Poor response to cyclophosphamide, prednisolone, and vincristine, as well as the discovery of CNS illness upon presentation, are poor prognostic indications. Lactose dehydrogenase concentrations that are twice the upper limit of normal are related with bad outcomes. Additional cytogenetic abnormalities beyond the MYC translocation, such as a deletion of 13q, a gain of 7q, or complicated cytogenetics, may indicate a poor prognosis.
When BL recurs within 6 months of treatment completion, the prognosis is poor because to the scarcity of new medications for treatment, since most were exhausted during first therapy. In contrast, a higher percentage of children can be treated following recurrence in underdeveloped countries where therapy is less severe.
The stage of the illness and abdominal ultrasonography are utilized to evaluate prognosis in underdeveloped nations. To detect residual or recurring illness, fluorodeoxyglucose positron emission tomography (PET) scans are used. The predictive importance of early PET scans or CT scans for disease assessment is being studied.
Following the completion of treatment, post-treatment staging scans are performed to assess how well the treatment worked. The scans will reveal to the doctor whether or not there has been a:
- Complete response (CR or no signs of lymphoma remain) or a
- Partial response (PR or there is still lymphoma present, but it has reduced in size)
If all goes well regular follow-up appointments will be made for every 3-6 months to monitor the below:
- Review the effectiveness of the treatment
- Monitor any ongoing side effects from the treatment
- Monitor for any late effects from treatment over time
- Monitor signs of the lymphoma relapsing
These sessions are also crucial so that the patient may express any concerns they may have to the medical staff.

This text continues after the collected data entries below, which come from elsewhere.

Lemma pole_value_gt : 1 / modulus ^ 2 < pole_value.
Proof.
  rewrite pole_value_eq.
  assert (0 < modulus ^ 2) by nra.
  assert (0 < (z1 - z3) / (z1 + z2) < 1).
  { split; [apply Rdiv_lt_0_compat; lra|].
    apply Rmult_lt_reg_r with (z1 + z2); [lra|]. unfold Rdiv. rewrite Rmult_assoc, Rinv_l; lra. }
  set (r := (z1 - z3) / (z1 + z2)) in *.
  unfold Rdiv. rewrite !Rmult_1_l.
  apply Rinv_lt_contravar; [apply Rmult_lt_0_compat; [apply Rmult_lt_0_compat|]; lra|].
  assert (0 < modulus ^ 2 * (1 - r)) by (apply Rmult_lt_0_compat; lra).
  lra.
Qed.

Lemma zero_value_eq :
  zero_value = (z1 + z3) * (z1 - z2 - z3) / ((z1 - z2) * (z1 + z2 + z3)).
Proof. unfold zero_value, phiS, phiA, phiN, phiC. field. split; nra. Qed.

Lemma zero_value_lt_1 : zero_value < 1.
Proof.
  unfold zero_value, phiS, phiA, phiN, phiC.
  apply Rmult_lt_reg_r with ((z1 + z2 + z3) * (z1 - z2)); [nra|].
  unfold Rdiv. rewrite Rmult_assoc, Rinv_l by nra. nra.
Qed.

Lemma zero_value_sign : 0 < zero_value <-> z2 + z3 < z1.
Proof.
  rewrite zero_value_eq. assert (0 < (z1 - z2) * (z1 + z2 + z3)) by nra.
  split; intros H0.
  - apply Rnot_le_lt. intro h. apply (Rlt_not_le _ _ H0).
    apply Rmult_le_0_r; [nra | left; apply Rinv_0_lt_compat; lra].
  - apply Rdiv_lt_0_compat; nra.
Qed.

Lemma zero_value_neg : z1 < z2 + z3 -> zero_value < 0.
Proof.
  intros H. rewrite zero_value_eq. unfold Rdiv.
  apply Rmult_neg_pos; [nra | apply Rinv_0_lt_compat; nra].
Qed.

Lemma zero_value_0 : z1 = z2 + z3 -> zero_value = 0.
Proof. intros H. rewrite zero_value_eq. replace (z1 - z2 - z3) with 0 by lra. unfold Rdiv. ring. Qed.

Definition phi_den (z : C) : C := (phiA - phiC * (snC z modulus * snC z modulus))%C.

Lemma phi_den_eq_0_iff (x y : R) : sn_den modulus x y <> 0 ->
  phi_den (x, y) = 0 <->
  sn_re modulus x y * sn_im modulus x y = 0 /\ sn2_re modulus x y = pole_value.
Proof.
  intros HD. destruct phi_consts_pos as [_ [HA [HC _]]].
  unfold phi_den, sn2_re. rewrite (snC_eq _ _ _ HD), <- Cmult_self_eq_RtoC.
  unfold pole_value. rewrite RtoC_div by lra.
  split; intros H.
  - apply Ceq_minus in H. rewrite H. field. apply RtoC_neq_0. lra.
  - rewrite H. field. apply RtoC_neq_0. lra.
Qed.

These consultations also include a physical examination and blood testing. Scans are not normally performed unless there is a cause for them, save from soon following therapy to assess how well the treatment worked. Appointments for certain patients may become less frequent over time.
Relapsed or refractory Burkitt lymphoma (BL)

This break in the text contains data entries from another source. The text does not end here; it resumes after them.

Lemma nat_last_true (P : nat -> Prop) k j0 : P j0 -> ~ P (j0 + k)%nat ->
  exists j, (j0 <= j)%nat /\ P j /\ ~ P (S j).
Proof.
  revert j0; induction k as [|k IH]; intros j0 H0 Hk.
  - rewrite Nat.add_0_r in Hk. contradiction.
  - destruct (classic (P (S j0))) as [H|H].
    + destruct (IH (S j0) H) as [j [Hj1 Hj2]]; [rewrite Nat.add_succ_comm; exact Hk|].
      exists j; split; [lia|exact Hj2].
    + exists j0; auto.
Qed.

Definition near_ind (t w x : R) : R := if Rle_dec (Rabs (x - t)) w then 1 else 0.

Lemma chebyshev_count (f : nat -> R) (N : nat) (t w c : R) :
  0 <= c -> 0 <= w -> rsum (fun y => (f y - t) ^ 2) N <= c * w ^ 2 * INR N ->
  INR N * (1 - c) <= rsum (fun y => near_ind t w (f y)) N.
Proof.
  intros Hc Hw Hsum.
  assert (HN : 0 <= INR N) by apply pos_INR.
  destruct (Req_dec w 0) as [->|Hw0].
  - rewrite (rsum_ext _ (fun _ => 1)), rsum_const; [nra|].
    intros y Hy. unfold near_ind. destruct Rle_dec as [|Hfar]; [reflexivity|].
    assert (Hy2 := rsum_ge_term (fun y => (f y - t) ^ 2) N y (fun _ _ => pow2_ge_0 _) Hy).
    replace (c * 0 ^ 2 * INR N) with 0 in Hsum by ring.
    assert (Hsq : (f y - t) ^ 2 = 0) by (pose proof (pow2_ge_0 (f y - t)); lra).
    assert (Hdev : f y - t = 0) by (apply NNPP; intros E; exact (pow_nonzero _ 2 E Hsq)).
    rewrite Hdev, Rabs_R0 in Hfar. lra.
  - assert (Hfar : forall y, (1 - near_ind t w (f y)) * w ^ 2 <= (f y - t) ^ 2).
    { intros y. unfold near_ind. destruct Rle_dec as [|Hfar].
      - rewrite Rminus_diag, Rmult_0_l. apply pow2_ge_0.
      - rewrite Rminus_0_r, Rmult_1_l, <- !Rsqr_pow2, (Rsqr_abs (f y - t)).
        apply Rsqr_incr_1; [lra|lra|apply Rabs_pos]. }
    assert (Hle : rsum (fun y => (1 - near_ind t w (f y)) * w ^ 2) N <= c * w ^ 2 * INR N)
      by (eapply Rle_trans; [apply rsum_le; intros; apply Hfar|exact Hsum]).
    rewrite (rsum_ext _ (fun y => w ^ 2 * 1 + (- w ^ 2) * near_ind t w (f y)))
      in Hle by (intros; ring).
    rewrite rsum_plus, rsum_scal, rsum_scal, rsum_const in Hle.
    assert (0 < w ^ 2) by (apply pow_lt; lra).
    nra.
Qed.

Lemma near_window (T : nat -> R) (a L s0 M x : nat) (t w : R) :
  (forall z, 0 <= T z) ->
  INR s0 < INR a - t - w + 1 -> INR a + INR L - 1 - t + w < INR (s0 + M) ->
  near_ind t w (INR x) * rsum (fun i => T (a + i)%nat) L
  <= rsum (fun i => T (s0 + x + i)%nat) M.
Proof.
  intros HT Hs0 HM. unfold near_ind. destruct Rle_dec as [Hnear|].
  - pose proof (Rle_abs (INR x - t)). pose proof (Rle_abs (- (INR x - t))).
    rewrite Rabs_Ropp in *. rewrite Rmult_1_l.
    apply rsum_window; [exact HT| |].
    + assert (Hlt : INR (s0 + x) < INR (S a)) by (rewrite plus_INR, S_INR; lra).
      apply INR_lt in Hlt. lia.
    + assert (Hlt : INR (a + L) < INR (S (s0 + M + x)))
        by (rewrite S_INR, !plus_INR in *; lra).
      apply INR_lt in Hlt. lia.
  - rewrite Rmult_0_l. apply rsum_ge0. auto.
Qed.

(* Every [y] whose value [f y] lies within [w] of [t] sees the whole window
   [[a, a + L)] inside one of [L + 2 w] consecutive shifts of [f y]; averaging over
   the shifts selects one that does at least as well as the window. *)
Lemma window_averaging (T : nat -> R) (f : nat -> nat) (N a L j : nat) (t w : R) :
  (forall z, 0 <= T z) -> (2 <= L)%nat -> 0 <= w ->
  t + w < INR a -> INR a + INR L - 1 - t + w < INR j + 1 ->
  exists s, (1 <= s <= j)%nat /\
    rsum (fun y => near_ind t w (INR (f y))) N * rsum (fun i => T (a + i)%nat) L
    <= (INR L + 2 * w) * rsum (fun y => T (s + f y)%nat) N.
Proof.
  intros HT HL Hw Hlow Hhigh.
  assert (HL2 : 2 <= INR L) by (apply (le_INR 2); exact HL).
  destruct (nat_ceil_exists (INR a - t - w)) as [s0 Hs0]; [lra|].
  destruct (nat_floor_exists (INR a + INR L - 1 - t + w)) as [e He]; [lra|].
  assert (Hs0e : (1 <= s0 <= e)%nat).
  { split; [apply (INR_lt 0)|apply Nat.lt_succ_r, INR_lt; rewrite S_INR]; simpl; lra. }
  assert (Hej : (e <= j)%nat) by (apply Nat.lt_succ_r, INR_lt; rewrite S_INR; lra).
  set (M := (e + 1 - s0)%nat).
  assert (HsM : INR (s0 + M) = INR e + 1)
    by (unfold M; replace (s0 + (e + 1 - s0))%nat with (S e) by lia; apply S_INR).
  set (G := fun i => rsum (fun y => T (s0 + i + f y)%nat) N).
  destruct (exists_argmax G M) as [i [Hi Hmax]]; [unfold M; lia|].
  exists (s0 + i)%nat. split; [unfold M in Hi; lia|].
  assert (HGi : 0 <= G i) by (apply rsum_ge0; auto).
  assert (HML : INR M <= INR L + 2 * w) by (rewrite plus_INR in HsM; lra).
  apply Rle_trans with (INR M * G i); [|apply Rmult_le_compat_r; assumption].
  rewrite Rmult_comm, <- rsum_scal.
  apply Rle_trans with (rsum (fun y => rsum (fun i => T (s0 + f y + i)%nat) M) N).
  { apply rsum_le. intros y _. rewrite Rmult_comm. apply near_window; auto; lra. }
  rewrite rsum_swap, <- rsum_const. apply rsum_le. intros i' Hi'.
  apply Rle_trans with (G i'); [|apply Hmax; exact Hi'].
  right. apply rsum_ext. intros y _. f_equal. lia.
Qed.

Section Digits.
Variables (b : nat) (h : nat -> nat).
Hypotheses (Hb : (1 < b)%nat) (h0 : h 0%nat = 0%nat).

Lemma Haux_fuel_irrelevant f1 f2 m : (m <= f1)%nat -> (m <= f2)%nat ->
  Haux b h f1 m = Haux b h f2 m.
Proof.
  revert f2 m; induction f1 as [|f1 IH]; intros f2 m H1 H2.
  - replace m with 0%nat by lia. destruct f2; reflexivity.
  - destruct f2 as [|f2]; [replace m with 0%nat by lia; reflexivity|]. simpl.
    destruct (Nat.eqb m 0) eqn:Hm; [reflexivity|]. apply Nat.eqb_neq in Hm.
    assert (m / b < m)%nat by (apply Nat.div_lt; lia).
    f_equal; apply IH; lia.
Qed.

Lemma Hfun_digit x d : (d < b)%nat -> Hfun b h (x * b + d) = (h d + Hfun b h x)%nat.
Proof.
  intros Hd. unfold Hfun.
  destruct (x * b + d)%nat as [|m] eqn:Em.
  - assert (x = 0%nat /\ d = 0%nat) as [-> ->] by nia. simpl. now rewrite h0.
  - simpl. rewrite <- Em.
    replace ((x * b + d) mod b)%nat with d
      by (rewrite Nat.add_comm, Nat.Div0.mod_add, Nat.mod_small; auto).
    replace ((x * b + d) / b)%nat with x
      by (rewrite Nat.div_add_l, Nat.div_small by lia; lia).
    f_equal. apply Haux_fuel_irrelevant; nia.
Qed.

Lemma Hfun_concat k p y : (y < b ^ k)%nat ->
  Hfun b h (p * b ^ k + y) = (Hfun b h p + Hfun b h y)%nat.
Proof.
  revert p y; induction k as [|k IH]; intros p y Hy.
  - simpl in Hy. replace y with 0%nat by lia.
    rewrite Nat.pow_0_r, Nat.mul_1_r, !Nat.add_0_r. reflexivity.
  - rewrite Nat.pow_succ_r' in Hy.
    assert (Hq : (y / b < b ^ k)%nat) by (apply Nat.Div0.div_lt_upper_bound; lia).
    assert (Hr : (y mod b < b)%nat) by (apply Nat.mod_upper_bound; lia).
    pose proof (Nat.div_mod_eq y b) as Ey.
    replace (p * b ^ S k + y)%nat with ((p * b ^ k + y / b) * b + y mod b)%nat
      by (rewrite Nat.pow_succ_r'; nia).
    rewrite Hfun_digit, IH by auto.
    replace y with (y / b * b + y mod b)%nat at 3 by lia.
    rewrite Hfun_digit by auto. lia.
Qed.

Fixpoint repunit (s : nat) : nat :=
  match s with O => O | S s => (repunit s * b + 1)%nat end.

Lemma repunit_bounds s : (1 <= s)%nat -> (b ^ (s - 1) <= repunit s < b ^ s)%nat.
Proof.
  induction s as [|s IH]; intros Hs; [lia|].
  destruct s as [|s]; [simpl; lia|].
  specialize (IH ltac:(lia)). replace (S (S s) - 1)%nat with (S s) by lia.
  replace (S s - 1)%nat with s in IH by lia.
  change (repunit (S (S s))) with (repunit (S s) * b + 1)%nat.
  rewrite !Nat.pow_succ_r' in *. nia.
Qed.

Lemma exists_prefix_with_digit_sum (h1 : h 1%nat = 1%nat) s j : (1 <= s <= j)%nat ->
  exists p, (b ^ (j - 1) <= p < b ^ j)%nat /\ Hfun b h p = s.
Proof.
  intros Hs. destruct (repunit_bounds s ltac:(lia)) as [Hr1 Hr2].
  exists (repunit s * b ^ (j - s))%nat. split; [split|].
  - replace (j - 1)%nat with ((s - 1) + (j - s))%nat by lia.
    rewrite Nat.pow_add_r. apply Nat.mul_le_mono_r; lia.
  - replace j with (s + (j - s))%nat at 2 by lia. rewrite Nat.pow_add_r.
    apply Nat.mul_lt_mono_pos_r; [apply Nat.neq_0_lt_0, Nat.pow_nonzero|]; lia.
  - rewrite <- (Nat.add_0_r (_ * _)), Hfun_concat
      by (apply Nat.neq_0_lt_0, Nat.pow_nonzero; lia).
    change (Hfun b h 0) with 0%nat. rewrite Nat.add_0_r.
    clear Hr1 Hr2 Hs. induction s as [|s IH]; [reflexivity|].
    simpl repunit. rewrite Hfun_digit, h1, IH by lia. reflexivity.
Qed.

Lemma rsum_digit_values : rsum (fun d => INR (h d)) b = INR b * digit_mean b h.
Proof.
  unfold digit_mean. rewrite sum_f_R0_rsum. replace (S (b - 1)) with b by lia.
  field. apply not_0_INR. lia.
Qed.

Lemma rsum_digit_square_deviation :
  rsum (fun d => (INR (h d) - digit_mean b h) ^ 2) b = INR b * digit_var b h.
Proof.
  unfold digit_var. rewrite sum_f_R0_rsum. replace (S (b - 1)) with b by lia.
  field. apply not_0_INR. lia.
Qed.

With first-line conventional therapy, a large percentage of persons establish remission from Burkitt lymphoma (BL). However, in certain circumstances, the lymphoma reappears (relapses) or, in rare cases, does not respond to first-line therapy (refractory). People with relapsed or refractory BL illness may have additional treatment choices (second-line therapy), such as:
- Other combination chemotherapy options
- Stem cell transplant (autologous or allogeneic)
- Biological medicines
- Clinical trial participation
Burkitt's lymphoma is a kind of lymphoma that is aggressive and affects the B-lymphocytes. It accounts for between 0.3 and 1.3 percent of all non-Hodgkin lymphomas. Untreated Burkitt's lymphoma progresses rapidly; however, with contemporary combination chemotherapy regimens, the response rate is quite high.
Regimes create the most effective and long-lasting effects. In order to prevent or treat Burkitt's lymphoma in the central nervous system, additional intrathecal chemotherapy is administered. In some cases, a monoclonal antibody may be used in conjunction with chemotherapy. When treating Burkitt's lymphoma, it is particularly critical to avoid treatment-related problems such as tumor lysis syndrome.
People will be given a stem cell transplant when it is suitable, either using their own stem cells (autologous) or those from a donor (allogeneic). New therapies for Burkitt's lymphoma are always being explored, and patients may be invited to participate in a clinical trial to evaluate a new treatment option.